Records supplied section start
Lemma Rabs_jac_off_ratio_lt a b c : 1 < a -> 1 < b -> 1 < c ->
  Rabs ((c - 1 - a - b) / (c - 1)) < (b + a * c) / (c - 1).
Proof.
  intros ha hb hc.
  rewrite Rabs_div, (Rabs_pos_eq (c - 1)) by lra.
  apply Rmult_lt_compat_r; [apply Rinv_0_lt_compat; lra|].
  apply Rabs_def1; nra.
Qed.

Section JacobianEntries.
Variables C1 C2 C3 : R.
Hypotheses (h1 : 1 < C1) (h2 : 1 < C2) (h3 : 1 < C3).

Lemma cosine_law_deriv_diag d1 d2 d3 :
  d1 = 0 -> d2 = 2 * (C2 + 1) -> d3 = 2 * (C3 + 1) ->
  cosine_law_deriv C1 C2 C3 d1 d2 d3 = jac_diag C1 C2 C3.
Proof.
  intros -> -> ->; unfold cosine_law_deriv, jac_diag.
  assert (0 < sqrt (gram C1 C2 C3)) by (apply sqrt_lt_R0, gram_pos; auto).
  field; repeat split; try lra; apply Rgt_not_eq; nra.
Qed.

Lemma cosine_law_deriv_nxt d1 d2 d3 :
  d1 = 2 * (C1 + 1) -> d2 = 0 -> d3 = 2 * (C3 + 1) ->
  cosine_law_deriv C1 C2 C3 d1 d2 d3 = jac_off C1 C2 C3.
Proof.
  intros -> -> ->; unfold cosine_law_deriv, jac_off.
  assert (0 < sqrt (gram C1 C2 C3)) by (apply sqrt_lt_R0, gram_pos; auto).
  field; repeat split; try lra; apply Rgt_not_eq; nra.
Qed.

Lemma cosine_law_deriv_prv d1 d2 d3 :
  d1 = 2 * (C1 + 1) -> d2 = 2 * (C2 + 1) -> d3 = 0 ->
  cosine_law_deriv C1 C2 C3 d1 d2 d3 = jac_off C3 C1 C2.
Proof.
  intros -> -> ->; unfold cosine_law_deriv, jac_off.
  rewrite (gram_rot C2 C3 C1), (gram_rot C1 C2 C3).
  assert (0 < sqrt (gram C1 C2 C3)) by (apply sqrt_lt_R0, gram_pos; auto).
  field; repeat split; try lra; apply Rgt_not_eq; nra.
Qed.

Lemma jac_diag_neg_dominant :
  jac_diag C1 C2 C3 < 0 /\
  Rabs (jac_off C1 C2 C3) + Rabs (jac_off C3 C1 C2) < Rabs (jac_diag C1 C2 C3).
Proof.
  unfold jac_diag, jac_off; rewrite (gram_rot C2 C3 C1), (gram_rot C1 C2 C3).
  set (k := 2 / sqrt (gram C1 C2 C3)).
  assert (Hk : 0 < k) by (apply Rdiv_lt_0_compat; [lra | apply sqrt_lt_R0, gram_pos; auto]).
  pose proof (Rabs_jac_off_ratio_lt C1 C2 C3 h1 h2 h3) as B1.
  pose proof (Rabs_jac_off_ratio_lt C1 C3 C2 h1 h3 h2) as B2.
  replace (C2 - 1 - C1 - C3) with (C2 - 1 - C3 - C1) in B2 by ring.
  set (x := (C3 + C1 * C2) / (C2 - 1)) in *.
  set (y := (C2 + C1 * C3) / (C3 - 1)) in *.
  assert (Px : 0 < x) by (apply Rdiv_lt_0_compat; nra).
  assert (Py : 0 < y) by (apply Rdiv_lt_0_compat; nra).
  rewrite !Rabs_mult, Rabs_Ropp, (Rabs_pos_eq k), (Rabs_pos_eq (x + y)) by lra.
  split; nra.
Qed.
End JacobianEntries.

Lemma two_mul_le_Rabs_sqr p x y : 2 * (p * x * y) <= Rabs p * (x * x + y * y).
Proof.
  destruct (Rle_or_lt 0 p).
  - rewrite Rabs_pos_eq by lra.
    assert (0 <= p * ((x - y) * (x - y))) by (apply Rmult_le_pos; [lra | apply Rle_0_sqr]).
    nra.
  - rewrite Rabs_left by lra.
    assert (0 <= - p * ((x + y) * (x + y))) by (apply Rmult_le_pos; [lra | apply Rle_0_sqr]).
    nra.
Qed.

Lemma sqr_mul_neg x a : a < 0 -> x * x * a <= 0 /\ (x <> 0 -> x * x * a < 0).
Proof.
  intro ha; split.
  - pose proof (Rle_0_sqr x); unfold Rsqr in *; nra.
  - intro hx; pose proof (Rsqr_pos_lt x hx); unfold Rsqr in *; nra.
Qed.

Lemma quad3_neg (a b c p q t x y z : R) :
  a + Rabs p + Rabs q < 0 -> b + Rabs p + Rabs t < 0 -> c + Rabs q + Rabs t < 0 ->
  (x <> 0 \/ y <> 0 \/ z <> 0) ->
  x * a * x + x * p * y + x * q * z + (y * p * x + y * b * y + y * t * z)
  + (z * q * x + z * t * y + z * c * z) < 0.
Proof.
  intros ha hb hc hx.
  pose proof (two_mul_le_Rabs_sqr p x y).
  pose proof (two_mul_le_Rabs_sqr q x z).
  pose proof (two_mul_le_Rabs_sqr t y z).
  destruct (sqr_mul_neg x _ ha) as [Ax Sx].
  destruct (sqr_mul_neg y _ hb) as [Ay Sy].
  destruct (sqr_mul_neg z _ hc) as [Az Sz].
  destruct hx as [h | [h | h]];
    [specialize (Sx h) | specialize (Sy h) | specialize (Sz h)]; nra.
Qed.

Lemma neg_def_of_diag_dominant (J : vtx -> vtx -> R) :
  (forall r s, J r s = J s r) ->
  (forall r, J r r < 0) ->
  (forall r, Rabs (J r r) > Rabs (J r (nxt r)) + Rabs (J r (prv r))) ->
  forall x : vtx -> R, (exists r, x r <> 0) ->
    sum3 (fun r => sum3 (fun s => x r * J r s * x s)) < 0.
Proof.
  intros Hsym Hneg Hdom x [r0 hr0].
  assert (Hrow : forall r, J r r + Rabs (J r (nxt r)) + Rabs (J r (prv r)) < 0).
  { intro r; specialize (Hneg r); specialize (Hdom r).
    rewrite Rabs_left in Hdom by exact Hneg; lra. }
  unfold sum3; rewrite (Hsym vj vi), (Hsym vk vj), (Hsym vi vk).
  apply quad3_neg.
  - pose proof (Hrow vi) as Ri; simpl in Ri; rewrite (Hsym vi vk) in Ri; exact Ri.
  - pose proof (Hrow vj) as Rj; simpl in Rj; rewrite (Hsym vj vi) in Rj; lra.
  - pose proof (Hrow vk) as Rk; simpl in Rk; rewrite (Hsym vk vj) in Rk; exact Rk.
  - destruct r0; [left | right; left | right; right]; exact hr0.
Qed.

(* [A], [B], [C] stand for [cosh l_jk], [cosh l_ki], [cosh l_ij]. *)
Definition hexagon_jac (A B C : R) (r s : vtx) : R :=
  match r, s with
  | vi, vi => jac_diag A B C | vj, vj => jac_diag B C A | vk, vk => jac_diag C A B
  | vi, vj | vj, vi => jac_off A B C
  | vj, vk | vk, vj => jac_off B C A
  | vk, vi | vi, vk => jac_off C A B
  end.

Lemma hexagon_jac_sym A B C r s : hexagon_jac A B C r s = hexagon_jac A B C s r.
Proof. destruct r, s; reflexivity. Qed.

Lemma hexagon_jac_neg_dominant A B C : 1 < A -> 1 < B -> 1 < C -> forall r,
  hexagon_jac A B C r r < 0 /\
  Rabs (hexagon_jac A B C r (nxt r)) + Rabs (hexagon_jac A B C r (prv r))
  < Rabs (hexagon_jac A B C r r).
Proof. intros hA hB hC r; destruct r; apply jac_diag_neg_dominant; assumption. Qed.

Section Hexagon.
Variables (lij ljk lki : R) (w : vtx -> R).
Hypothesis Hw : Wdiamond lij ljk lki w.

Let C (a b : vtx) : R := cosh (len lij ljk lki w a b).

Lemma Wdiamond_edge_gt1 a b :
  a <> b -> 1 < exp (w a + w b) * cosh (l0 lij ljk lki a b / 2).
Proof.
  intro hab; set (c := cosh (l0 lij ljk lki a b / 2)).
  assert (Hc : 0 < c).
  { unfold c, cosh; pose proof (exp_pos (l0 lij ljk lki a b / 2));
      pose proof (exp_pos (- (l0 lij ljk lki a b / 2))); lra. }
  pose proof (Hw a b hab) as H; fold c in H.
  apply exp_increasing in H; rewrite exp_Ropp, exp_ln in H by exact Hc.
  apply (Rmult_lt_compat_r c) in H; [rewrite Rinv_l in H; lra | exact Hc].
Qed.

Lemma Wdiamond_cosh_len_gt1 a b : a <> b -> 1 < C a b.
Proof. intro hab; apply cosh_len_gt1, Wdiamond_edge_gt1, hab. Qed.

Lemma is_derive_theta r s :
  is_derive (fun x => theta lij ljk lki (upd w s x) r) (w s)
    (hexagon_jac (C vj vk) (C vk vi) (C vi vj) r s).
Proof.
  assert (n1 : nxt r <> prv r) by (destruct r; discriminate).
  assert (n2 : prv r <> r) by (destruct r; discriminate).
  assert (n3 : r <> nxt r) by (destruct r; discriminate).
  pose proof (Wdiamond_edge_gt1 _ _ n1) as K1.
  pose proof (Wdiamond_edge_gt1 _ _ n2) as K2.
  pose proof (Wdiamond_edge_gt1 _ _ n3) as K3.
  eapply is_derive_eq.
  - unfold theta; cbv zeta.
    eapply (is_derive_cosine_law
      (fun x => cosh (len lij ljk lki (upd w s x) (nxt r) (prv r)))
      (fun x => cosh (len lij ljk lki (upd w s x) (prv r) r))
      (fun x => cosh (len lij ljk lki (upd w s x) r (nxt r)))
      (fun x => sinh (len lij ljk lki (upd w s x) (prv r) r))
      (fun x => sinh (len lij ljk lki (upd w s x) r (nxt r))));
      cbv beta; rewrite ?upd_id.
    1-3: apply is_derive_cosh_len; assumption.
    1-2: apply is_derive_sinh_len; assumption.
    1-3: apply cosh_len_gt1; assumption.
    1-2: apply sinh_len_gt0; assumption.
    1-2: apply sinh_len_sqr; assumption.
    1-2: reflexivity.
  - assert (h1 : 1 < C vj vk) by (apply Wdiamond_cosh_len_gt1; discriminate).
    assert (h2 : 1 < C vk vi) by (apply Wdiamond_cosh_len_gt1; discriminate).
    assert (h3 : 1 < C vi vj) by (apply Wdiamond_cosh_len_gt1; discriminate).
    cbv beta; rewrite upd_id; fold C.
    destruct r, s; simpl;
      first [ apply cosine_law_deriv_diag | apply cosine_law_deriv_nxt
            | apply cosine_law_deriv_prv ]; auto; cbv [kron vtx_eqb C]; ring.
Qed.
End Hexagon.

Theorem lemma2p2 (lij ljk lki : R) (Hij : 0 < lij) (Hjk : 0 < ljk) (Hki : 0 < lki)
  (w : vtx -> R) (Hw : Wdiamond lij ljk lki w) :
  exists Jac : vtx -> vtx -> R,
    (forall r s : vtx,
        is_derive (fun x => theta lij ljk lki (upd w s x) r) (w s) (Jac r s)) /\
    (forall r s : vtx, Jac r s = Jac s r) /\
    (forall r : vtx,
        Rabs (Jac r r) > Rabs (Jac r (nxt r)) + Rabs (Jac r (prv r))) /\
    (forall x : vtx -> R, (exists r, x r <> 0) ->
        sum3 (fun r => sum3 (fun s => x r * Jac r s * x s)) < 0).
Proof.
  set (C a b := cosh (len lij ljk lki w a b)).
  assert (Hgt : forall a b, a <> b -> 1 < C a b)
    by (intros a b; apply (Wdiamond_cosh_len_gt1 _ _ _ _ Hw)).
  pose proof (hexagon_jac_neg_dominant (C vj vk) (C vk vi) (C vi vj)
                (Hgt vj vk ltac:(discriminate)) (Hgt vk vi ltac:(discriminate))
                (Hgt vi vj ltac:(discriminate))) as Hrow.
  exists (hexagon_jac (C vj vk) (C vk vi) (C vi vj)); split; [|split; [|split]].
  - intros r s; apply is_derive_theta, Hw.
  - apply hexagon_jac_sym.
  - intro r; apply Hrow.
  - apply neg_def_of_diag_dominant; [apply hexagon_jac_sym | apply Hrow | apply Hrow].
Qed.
Records supplied section end
What to produce:
Output the lines above exactly, but only those between the line holding "assert (n3 : r" and the line holding "(forall r s : vtx, Jac r s = Jac s r) /\", inclusive.

Response to the task:
  assert (n3 : r <> nxt r) by (destruct r; discriminate).
  pose proof (Wdiamond_edge_gt1 _ _ n1) as K1.
  pose proof (Wdiamond_edge_gt1 _ _ n2) as K2.
  pose proof (Wdiamond_edge_gt1 _ _ n3) as K3.
  eapply is_derive_eq.
  - unfold theta; cbv zeta.
    eapply (is_derive_cosine_law
      (fun x => cosh (len lij ljk lki (upd w s x) (nxt r) (prv r)))
      (fun x => cosh (len lij ljk lki (upd w s x) (prv r) r))
      (fun x => cosh (len lij ljk lki (upd w s x) r (nxt r)))
      (fun x => sinh (len lij ljk lki (upd w s x) (prv r) r))
      (fun x => sinh (len lij ljk lki (upd w s x) r (nxt r))));
      cbv beta; rewrite ?upd_id.
    1-3: apply is_derive_cosh_len; assumption.
    1-2: apply is_derive_sinh_len; assumption.
    1-3: apply cosh_len_gt1; assumption.
    1-2: apply sinh_len_gt0; assumption.
    1-2: apply sinh_len_sqr; assumption.
    1-2: reflexivity.
  - assert (h1 : 1 < C vj vk) by (apply Wdiamond_cosh_len_gt1; discriminate).
    assert (h2 : 1 < C vk vi) by (apply Wdiamond_cosh_len_gt1; discriminate).
    assert (h3 : 1 < C vi vj) by (apply Wdiamond_cosh_len_gt1; discriminate).
    cbv beta; rewrite upd_id; fold C.
    destruct r, s; simpl;
      first [ apply cosine_law_deriv_diag | apply cosine_law_deriv_nxt
            | apply cosine_law_deriv_prv ]; auto; cbv [kron vtx_eqb C]; ring.
Qed.
End Hexagon.

Theorem lemma2p2 (lij ljk lki : R) (Hij : 0 < lij) (Hjk : 0 < ljk) (Hki : 0 < lki)
  (w : vtx -> R) (Hw : Wdiamond lij ljk lki w) :
  exists Jac : vtx -> vtx -> R,
    (forall r s : vtx,
        is_derive (fun x => theta lij ljk lki (upd w s x) r) (w s) (Jac r s)) /\
    (forall r s : vtx, Jac r s = Jac s r) /\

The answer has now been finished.